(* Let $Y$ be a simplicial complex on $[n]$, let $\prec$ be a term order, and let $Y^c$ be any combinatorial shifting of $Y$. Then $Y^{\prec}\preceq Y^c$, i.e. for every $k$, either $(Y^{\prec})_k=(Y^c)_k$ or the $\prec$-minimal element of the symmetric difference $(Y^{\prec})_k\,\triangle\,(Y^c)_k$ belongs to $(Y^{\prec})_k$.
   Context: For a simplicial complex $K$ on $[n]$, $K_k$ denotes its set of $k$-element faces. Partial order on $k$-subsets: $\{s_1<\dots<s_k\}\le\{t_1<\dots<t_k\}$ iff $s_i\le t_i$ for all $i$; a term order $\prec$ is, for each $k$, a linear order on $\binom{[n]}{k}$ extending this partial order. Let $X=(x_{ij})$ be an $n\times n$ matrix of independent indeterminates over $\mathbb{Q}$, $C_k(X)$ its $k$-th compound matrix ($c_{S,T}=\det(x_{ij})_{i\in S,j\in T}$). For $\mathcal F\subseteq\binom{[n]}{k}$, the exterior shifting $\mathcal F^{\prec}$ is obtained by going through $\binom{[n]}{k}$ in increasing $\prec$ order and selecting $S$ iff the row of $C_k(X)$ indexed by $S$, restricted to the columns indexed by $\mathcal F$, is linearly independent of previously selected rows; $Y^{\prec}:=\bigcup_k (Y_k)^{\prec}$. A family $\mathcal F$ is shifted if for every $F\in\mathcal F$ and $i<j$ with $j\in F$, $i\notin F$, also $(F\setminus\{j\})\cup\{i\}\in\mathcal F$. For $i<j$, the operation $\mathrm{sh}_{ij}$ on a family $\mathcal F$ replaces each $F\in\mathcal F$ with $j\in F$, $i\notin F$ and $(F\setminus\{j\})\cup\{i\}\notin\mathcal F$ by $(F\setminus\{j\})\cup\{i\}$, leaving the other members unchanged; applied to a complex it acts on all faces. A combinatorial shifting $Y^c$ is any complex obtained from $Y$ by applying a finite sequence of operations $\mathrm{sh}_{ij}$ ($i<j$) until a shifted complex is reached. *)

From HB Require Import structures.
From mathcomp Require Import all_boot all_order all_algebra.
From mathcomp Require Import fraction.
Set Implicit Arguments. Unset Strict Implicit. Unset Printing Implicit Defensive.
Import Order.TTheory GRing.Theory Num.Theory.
• • • • • • •
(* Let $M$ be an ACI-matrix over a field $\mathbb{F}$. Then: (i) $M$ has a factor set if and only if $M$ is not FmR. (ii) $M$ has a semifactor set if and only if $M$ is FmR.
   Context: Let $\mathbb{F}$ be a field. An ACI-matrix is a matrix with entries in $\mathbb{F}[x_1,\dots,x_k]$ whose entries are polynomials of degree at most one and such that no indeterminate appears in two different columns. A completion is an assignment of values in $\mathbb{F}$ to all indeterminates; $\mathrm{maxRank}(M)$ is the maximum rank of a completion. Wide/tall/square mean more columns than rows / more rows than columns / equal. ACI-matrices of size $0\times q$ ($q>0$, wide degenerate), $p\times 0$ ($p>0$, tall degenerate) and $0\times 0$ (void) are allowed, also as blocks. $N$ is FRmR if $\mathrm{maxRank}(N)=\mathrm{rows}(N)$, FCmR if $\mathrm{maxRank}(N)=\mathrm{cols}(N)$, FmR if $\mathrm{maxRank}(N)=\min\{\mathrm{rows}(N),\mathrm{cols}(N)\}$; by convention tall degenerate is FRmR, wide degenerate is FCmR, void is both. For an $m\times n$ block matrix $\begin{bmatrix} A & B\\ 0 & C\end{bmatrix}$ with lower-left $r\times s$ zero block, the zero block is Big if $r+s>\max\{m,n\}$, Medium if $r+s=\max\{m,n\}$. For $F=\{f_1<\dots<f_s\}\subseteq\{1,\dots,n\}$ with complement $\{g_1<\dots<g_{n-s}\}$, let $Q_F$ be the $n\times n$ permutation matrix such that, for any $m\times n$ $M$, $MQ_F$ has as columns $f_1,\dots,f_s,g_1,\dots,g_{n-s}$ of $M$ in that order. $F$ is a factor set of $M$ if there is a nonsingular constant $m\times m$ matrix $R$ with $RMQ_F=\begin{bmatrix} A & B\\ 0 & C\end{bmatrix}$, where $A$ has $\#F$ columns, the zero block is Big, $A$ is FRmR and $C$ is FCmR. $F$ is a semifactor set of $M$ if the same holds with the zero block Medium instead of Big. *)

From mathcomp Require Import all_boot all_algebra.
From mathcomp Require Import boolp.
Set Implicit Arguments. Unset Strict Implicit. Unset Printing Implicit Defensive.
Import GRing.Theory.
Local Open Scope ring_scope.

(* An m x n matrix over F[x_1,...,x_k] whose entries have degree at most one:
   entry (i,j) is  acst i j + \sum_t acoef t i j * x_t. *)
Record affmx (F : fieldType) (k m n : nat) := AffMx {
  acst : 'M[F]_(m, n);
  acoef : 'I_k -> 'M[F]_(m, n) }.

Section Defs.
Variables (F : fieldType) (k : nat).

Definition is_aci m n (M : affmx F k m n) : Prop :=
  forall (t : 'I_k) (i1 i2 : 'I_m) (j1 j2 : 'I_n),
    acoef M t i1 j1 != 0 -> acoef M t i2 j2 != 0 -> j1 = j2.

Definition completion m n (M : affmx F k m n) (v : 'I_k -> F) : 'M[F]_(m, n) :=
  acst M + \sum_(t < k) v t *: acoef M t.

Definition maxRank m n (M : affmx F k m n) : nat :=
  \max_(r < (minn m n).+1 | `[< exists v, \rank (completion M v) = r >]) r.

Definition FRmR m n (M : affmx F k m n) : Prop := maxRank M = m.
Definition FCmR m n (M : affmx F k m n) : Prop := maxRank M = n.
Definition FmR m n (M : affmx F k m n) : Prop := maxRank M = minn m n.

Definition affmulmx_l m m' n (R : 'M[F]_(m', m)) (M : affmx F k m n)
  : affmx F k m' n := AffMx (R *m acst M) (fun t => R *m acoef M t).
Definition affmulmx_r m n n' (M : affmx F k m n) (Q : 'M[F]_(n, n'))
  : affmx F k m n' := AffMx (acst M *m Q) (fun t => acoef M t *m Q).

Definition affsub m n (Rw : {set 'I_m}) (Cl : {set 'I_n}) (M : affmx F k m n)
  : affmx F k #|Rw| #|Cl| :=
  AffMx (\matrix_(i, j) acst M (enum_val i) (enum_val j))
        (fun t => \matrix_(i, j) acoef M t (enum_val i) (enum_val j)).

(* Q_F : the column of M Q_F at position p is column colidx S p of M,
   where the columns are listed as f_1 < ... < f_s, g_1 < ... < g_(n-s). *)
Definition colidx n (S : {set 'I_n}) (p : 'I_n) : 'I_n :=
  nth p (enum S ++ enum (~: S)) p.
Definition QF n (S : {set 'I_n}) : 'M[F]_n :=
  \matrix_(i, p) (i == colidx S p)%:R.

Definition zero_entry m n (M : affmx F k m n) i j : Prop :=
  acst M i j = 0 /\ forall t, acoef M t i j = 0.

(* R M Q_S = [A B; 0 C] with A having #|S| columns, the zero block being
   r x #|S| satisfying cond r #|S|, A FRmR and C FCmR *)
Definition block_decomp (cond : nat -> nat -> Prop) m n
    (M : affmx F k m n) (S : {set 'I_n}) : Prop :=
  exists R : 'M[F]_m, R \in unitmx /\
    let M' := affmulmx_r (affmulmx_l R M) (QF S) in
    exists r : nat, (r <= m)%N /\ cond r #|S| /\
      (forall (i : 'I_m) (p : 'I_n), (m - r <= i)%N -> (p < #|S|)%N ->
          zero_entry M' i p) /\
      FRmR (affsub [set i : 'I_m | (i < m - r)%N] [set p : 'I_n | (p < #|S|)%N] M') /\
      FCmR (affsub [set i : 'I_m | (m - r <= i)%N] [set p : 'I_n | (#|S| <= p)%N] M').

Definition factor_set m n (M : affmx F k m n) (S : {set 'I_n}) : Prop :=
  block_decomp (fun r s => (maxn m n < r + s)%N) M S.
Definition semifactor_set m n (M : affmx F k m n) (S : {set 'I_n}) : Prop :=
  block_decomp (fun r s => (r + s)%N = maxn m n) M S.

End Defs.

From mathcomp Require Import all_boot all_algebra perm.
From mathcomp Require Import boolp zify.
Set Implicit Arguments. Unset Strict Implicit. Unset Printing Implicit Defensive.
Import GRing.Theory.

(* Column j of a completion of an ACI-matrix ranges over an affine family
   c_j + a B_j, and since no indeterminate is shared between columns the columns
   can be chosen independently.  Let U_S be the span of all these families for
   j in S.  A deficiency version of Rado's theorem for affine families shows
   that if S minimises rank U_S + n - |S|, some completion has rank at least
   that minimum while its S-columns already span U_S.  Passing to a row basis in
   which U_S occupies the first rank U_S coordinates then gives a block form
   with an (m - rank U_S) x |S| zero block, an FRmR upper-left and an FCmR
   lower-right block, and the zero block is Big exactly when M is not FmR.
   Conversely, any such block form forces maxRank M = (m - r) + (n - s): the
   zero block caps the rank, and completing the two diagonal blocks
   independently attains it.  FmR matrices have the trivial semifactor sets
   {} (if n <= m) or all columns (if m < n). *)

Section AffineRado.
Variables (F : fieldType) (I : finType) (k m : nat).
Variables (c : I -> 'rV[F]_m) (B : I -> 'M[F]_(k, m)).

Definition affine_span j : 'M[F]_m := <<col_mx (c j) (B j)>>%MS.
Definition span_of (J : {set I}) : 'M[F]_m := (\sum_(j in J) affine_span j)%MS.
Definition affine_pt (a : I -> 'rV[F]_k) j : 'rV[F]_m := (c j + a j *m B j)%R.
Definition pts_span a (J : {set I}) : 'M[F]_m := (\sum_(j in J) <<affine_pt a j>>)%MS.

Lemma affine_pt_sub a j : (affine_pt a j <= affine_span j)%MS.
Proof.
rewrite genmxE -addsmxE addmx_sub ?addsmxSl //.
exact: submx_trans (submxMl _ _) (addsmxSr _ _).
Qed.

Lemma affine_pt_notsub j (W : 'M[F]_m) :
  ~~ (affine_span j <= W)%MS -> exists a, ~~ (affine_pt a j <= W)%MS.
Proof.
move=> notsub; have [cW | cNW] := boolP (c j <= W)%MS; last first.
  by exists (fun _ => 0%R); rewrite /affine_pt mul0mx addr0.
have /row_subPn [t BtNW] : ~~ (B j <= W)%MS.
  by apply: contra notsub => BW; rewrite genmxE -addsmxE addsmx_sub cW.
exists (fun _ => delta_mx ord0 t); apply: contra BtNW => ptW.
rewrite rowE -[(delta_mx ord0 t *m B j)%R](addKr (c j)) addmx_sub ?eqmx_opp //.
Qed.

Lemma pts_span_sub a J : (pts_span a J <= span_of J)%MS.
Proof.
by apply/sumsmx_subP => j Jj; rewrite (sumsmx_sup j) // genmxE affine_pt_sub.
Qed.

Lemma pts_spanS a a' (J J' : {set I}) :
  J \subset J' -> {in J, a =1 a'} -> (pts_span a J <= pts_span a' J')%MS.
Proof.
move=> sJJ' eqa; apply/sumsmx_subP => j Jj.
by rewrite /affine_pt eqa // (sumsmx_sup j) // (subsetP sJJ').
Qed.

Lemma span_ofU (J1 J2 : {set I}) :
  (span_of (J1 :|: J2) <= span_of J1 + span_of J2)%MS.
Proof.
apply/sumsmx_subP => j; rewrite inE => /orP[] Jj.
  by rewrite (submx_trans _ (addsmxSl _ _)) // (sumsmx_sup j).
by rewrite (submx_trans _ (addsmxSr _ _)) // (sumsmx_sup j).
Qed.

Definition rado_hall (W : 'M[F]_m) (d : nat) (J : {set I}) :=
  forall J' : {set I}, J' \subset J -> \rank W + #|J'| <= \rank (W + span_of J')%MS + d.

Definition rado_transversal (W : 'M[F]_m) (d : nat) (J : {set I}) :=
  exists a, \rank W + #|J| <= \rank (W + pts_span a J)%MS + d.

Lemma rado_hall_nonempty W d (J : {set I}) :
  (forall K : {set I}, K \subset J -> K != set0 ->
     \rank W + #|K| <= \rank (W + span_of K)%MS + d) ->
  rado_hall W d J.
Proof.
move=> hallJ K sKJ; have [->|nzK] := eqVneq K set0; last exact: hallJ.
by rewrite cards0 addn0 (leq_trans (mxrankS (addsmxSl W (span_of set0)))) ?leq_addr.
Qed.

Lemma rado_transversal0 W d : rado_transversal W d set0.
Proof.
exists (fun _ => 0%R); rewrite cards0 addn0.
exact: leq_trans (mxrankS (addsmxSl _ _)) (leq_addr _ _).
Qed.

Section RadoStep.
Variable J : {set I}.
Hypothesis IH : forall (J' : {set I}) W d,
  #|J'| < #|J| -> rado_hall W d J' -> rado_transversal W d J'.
• • • • • • •
ACTIVITY: Your answer should be one number: how many lines of the listing include the word "maxn".

REPLY: 2